Work instruction ▸
Among the entries below, please repeat exactly and only the lines from the line containing "(T : theory) (Phi : law)" to the line containing "Lemma bconj_in w", both lines included.

[Extracted material — start]

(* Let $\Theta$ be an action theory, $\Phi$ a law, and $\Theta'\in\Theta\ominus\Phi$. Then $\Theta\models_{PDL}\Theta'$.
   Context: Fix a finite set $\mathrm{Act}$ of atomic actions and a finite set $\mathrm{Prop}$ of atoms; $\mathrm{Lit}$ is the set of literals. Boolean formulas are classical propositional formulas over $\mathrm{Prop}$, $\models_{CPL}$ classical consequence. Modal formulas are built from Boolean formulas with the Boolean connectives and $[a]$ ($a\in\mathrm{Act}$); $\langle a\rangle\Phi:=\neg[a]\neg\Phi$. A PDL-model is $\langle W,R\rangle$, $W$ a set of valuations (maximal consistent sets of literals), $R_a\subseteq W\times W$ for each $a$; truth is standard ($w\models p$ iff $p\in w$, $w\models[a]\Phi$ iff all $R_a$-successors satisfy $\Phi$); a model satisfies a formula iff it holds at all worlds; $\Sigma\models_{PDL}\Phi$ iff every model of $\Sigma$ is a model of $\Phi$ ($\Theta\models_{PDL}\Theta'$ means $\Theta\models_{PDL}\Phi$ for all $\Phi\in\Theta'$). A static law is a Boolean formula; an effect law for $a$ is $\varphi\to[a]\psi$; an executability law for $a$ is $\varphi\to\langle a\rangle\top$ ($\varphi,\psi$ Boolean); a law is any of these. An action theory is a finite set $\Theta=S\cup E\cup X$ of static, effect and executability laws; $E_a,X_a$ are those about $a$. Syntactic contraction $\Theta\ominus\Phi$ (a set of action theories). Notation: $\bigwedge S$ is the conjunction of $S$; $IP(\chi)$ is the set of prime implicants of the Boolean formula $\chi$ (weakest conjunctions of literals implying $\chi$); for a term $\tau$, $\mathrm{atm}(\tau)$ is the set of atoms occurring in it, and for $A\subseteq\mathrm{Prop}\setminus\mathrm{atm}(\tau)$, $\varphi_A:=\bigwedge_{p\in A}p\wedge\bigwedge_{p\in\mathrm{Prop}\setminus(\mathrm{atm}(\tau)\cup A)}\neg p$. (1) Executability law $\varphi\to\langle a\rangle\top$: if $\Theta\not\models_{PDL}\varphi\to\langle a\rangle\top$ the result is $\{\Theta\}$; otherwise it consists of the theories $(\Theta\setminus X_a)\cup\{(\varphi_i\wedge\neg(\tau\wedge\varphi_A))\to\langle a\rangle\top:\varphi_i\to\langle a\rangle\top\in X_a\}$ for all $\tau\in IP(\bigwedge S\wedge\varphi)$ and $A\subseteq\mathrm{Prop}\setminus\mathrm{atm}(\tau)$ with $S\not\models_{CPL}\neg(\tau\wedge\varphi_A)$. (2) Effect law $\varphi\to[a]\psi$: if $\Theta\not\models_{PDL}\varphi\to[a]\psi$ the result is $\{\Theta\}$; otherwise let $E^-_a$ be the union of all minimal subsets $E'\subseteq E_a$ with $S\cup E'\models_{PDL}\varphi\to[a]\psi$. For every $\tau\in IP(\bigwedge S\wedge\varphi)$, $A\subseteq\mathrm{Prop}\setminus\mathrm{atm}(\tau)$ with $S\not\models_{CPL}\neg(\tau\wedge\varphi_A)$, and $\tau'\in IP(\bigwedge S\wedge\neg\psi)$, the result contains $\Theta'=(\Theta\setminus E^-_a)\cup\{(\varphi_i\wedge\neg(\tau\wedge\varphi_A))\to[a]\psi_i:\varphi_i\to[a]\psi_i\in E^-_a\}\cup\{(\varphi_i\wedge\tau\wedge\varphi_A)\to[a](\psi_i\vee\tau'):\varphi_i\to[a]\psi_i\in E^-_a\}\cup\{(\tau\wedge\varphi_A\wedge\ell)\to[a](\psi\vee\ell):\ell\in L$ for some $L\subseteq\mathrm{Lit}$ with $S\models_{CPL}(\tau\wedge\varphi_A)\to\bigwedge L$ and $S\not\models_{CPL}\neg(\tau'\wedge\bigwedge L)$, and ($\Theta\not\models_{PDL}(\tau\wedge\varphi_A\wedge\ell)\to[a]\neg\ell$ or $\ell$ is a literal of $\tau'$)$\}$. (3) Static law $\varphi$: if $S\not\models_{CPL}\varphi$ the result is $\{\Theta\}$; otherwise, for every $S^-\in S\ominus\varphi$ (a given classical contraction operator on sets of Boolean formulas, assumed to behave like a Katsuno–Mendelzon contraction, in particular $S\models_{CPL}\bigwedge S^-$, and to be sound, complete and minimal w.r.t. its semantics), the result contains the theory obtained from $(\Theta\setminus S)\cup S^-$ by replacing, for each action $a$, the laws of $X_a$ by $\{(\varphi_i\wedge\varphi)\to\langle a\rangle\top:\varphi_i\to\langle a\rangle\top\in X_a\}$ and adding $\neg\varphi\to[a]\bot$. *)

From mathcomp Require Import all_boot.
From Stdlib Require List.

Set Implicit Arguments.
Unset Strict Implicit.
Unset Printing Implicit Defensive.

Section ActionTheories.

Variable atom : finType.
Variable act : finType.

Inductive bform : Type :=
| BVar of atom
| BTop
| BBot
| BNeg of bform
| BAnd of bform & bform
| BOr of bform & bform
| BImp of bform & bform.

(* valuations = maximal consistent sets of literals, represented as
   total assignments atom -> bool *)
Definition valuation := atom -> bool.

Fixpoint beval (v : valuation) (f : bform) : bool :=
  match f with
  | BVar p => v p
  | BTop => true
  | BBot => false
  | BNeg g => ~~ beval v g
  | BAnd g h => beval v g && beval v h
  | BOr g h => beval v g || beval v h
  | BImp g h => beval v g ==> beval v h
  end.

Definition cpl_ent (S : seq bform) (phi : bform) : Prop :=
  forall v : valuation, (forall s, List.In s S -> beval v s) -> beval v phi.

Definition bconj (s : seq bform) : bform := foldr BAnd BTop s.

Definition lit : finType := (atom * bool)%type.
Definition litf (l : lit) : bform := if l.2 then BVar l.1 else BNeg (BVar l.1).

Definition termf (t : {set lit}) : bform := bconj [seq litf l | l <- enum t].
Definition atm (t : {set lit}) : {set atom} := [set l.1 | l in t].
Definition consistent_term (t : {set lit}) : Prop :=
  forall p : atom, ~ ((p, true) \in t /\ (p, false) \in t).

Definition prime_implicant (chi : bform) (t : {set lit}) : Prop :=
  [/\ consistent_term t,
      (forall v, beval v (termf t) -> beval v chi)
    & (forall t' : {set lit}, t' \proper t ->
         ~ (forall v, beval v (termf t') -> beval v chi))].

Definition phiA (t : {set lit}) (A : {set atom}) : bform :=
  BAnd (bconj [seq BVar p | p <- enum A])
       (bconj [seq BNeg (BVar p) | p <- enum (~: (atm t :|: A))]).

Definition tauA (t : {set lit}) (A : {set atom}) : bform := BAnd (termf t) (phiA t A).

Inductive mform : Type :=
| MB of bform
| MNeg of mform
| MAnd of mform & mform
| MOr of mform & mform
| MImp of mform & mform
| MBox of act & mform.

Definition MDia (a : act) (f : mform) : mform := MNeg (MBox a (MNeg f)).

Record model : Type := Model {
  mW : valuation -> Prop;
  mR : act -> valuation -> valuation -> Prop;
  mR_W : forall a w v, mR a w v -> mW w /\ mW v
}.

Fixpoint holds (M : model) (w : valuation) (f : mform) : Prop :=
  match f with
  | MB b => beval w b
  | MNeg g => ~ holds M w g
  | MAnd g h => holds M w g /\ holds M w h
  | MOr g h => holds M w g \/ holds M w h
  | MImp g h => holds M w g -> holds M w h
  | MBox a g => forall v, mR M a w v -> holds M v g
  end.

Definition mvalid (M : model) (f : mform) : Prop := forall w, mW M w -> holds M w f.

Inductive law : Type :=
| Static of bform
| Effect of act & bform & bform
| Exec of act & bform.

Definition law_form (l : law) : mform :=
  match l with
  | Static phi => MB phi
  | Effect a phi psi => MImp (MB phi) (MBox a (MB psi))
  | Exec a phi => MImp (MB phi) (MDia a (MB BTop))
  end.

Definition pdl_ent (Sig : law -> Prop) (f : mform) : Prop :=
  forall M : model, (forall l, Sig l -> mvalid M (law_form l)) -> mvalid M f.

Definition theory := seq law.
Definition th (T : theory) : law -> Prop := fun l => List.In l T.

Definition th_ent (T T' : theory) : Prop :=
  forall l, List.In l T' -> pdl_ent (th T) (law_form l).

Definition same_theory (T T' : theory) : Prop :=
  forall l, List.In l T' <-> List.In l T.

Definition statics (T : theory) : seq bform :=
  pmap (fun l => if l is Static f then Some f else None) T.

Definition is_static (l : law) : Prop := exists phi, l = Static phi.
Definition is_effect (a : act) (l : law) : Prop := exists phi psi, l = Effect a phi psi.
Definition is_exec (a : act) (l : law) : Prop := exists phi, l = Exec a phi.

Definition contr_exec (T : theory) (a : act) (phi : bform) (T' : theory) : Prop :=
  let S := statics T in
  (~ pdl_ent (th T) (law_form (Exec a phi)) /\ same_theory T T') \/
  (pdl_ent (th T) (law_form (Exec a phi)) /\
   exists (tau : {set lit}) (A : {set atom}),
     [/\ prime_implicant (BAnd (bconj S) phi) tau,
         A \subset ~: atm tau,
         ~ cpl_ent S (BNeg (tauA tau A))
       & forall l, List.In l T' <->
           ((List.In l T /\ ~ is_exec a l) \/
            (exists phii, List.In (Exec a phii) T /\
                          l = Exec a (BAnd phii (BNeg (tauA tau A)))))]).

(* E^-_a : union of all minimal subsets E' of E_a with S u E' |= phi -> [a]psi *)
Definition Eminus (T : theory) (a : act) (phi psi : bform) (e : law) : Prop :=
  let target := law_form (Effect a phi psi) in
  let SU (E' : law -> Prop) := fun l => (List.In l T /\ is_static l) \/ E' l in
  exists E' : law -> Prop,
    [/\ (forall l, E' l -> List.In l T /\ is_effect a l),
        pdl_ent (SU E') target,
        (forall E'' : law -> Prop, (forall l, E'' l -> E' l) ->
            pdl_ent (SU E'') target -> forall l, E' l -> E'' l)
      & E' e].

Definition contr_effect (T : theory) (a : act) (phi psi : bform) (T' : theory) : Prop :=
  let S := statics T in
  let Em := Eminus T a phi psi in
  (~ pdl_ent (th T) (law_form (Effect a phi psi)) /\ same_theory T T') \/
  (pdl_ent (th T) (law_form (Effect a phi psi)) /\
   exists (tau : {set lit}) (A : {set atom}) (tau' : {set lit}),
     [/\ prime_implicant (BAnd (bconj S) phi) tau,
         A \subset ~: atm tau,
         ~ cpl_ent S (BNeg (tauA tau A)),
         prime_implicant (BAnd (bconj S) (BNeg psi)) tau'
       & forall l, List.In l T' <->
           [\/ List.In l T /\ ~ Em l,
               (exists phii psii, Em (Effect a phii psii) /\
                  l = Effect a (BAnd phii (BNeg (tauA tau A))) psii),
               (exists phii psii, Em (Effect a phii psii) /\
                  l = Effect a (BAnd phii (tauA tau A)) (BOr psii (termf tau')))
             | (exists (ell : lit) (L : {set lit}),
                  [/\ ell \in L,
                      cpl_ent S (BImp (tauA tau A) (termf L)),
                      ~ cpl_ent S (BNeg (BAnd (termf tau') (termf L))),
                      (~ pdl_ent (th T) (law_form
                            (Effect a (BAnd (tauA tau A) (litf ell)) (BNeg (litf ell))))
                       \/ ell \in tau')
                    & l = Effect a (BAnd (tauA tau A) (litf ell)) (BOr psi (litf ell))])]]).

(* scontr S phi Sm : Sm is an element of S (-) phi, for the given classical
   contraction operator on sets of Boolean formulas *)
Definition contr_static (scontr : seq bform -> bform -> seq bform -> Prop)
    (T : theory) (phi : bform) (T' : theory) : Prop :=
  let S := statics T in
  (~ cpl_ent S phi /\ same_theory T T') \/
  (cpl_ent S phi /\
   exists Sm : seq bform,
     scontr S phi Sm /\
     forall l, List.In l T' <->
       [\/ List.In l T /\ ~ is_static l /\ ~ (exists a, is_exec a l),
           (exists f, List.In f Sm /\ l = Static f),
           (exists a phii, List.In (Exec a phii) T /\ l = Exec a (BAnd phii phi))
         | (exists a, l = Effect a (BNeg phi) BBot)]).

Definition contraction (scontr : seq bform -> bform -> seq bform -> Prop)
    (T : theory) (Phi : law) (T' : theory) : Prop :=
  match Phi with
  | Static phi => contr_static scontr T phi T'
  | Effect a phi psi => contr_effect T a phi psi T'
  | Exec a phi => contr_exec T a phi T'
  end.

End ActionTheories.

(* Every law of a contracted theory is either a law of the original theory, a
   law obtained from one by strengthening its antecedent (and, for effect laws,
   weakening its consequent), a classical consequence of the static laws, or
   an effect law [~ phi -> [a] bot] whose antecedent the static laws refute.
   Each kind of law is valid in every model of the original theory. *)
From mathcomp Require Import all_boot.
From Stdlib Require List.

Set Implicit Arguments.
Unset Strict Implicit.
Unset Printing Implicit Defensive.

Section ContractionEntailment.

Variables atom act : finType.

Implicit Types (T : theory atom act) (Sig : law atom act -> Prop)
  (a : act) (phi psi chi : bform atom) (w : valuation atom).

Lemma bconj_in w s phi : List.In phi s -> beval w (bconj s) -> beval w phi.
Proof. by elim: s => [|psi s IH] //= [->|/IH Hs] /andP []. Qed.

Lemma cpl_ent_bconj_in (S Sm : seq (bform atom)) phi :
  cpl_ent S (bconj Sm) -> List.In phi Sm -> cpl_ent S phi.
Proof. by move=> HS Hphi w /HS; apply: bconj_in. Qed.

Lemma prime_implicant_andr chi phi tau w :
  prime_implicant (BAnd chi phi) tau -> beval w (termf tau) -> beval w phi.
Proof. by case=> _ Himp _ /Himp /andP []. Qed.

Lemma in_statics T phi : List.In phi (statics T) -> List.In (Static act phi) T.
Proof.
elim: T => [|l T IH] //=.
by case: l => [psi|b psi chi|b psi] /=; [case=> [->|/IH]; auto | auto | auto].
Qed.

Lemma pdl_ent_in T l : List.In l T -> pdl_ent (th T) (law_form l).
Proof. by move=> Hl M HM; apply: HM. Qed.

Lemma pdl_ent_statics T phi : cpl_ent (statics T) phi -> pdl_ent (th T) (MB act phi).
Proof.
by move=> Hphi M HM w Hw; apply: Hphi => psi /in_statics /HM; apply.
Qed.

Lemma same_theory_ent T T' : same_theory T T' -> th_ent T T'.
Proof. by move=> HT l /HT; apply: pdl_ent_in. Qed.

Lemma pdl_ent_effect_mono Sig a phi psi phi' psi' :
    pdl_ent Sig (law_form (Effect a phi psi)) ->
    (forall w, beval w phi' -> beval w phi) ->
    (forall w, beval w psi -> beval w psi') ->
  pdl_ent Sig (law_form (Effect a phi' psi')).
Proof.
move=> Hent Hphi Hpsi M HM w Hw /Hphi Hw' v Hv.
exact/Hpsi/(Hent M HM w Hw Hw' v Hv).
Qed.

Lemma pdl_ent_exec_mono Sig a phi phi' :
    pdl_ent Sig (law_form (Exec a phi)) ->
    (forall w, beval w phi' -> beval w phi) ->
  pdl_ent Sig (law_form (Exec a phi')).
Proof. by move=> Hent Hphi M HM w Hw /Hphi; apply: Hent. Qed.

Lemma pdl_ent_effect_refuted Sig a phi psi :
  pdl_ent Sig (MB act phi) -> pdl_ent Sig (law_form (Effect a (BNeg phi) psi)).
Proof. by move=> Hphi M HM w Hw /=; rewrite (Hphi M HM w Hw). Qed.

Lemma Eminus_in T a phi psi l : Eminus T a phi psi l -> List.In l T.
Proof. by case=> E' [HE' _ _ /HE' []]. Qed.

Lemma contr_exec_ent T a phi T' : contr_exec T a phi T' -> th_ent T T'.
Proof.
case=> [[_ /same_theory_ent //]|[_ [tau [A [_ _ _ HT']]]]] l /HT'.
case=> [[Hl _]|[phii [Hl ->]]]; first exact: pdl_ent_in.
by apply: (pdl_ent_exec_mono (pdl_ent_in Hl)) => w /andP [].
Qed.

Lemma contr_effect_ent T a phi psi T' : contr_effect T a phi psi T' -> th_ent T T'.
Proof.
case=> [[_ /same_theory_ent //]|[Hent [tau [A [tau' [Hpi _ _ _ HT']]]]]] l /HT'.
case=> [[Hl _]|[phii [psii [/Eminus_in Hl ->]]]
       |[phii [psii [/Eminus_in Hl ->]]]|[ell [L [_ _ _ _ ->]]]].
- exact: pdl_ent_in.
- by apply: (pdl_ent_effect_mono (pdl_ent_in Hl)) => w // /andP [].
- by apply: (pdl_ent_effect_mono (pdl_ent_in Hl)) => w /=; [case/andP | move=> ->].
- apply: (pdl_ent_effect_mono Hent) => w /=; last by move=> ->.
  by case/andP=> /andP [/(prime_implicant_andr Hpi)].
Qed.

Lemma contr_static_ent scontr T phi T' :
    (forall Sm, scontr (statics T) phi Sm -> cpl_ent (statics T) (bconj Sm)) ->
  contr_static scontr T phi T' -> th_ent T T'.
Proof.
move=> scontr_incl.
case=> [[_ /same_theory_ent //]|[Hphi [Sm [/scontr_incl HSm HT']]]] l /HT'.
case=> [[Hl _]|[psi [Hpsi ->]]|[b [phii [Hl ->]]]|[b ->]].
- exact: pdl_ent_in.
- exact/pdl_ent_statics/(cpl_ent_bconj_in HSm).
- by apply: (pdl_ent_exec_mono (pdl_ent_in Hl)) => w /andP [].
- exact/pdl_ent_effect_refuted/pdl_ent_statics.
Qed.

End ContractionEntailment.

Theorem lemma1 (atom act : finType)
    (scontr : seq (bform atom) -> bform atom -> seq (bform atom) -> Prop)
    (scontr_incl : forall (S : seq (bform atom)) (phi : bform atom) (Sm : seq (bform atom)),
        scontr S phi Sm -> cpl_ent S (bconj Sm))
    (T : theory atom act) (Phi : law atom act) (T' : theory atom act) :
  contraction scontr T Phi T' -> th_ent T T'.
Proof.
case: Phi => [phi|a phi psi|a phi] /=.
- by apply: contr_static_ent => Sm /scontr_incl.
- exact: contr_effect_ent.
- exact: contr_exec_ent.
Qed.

[Extracted material — finish]

Output of the exercise ▸
    (T : theory) (Phi : law) (T' : theory) : Prop :=
  match Phi with
  | Static phi => contr_static scontr T phi T'
  | Effect a phi psi => contr_effect T a phi psi T'
  | Exec a phi => contr_exec T a phi T'
  end.

End ActionTheories.

(* Every law of a contracted theory is either a law of the original theory, a
   law obtained from one by strengthening its antecedent (and, for effect laws,
   weakening its consequent), a classical consequence of the static laws, or
   an effect law [~ phi -> [a] bot] whose antecedent the static laws refute.
   Each kind of law is valid in every model of the original theory. *)
From mathcomp Require Import all_boot.
From Stdlib Require List.

Set Implicit Arguments.
Unset Strict Implicit.
Unset Printing Implicit Defensive.

Section ContractionEntailment.

Variables atom act : finType.

Implicit Types (T : theory atom act) (Sig : law atom act -> Prop)
  (a : act) (phi psi chi : bform atom) (w : valuation atom).

Lemma bconj_in w s phi : List.In phi s -> beval w (bconj s) -> beval w phi.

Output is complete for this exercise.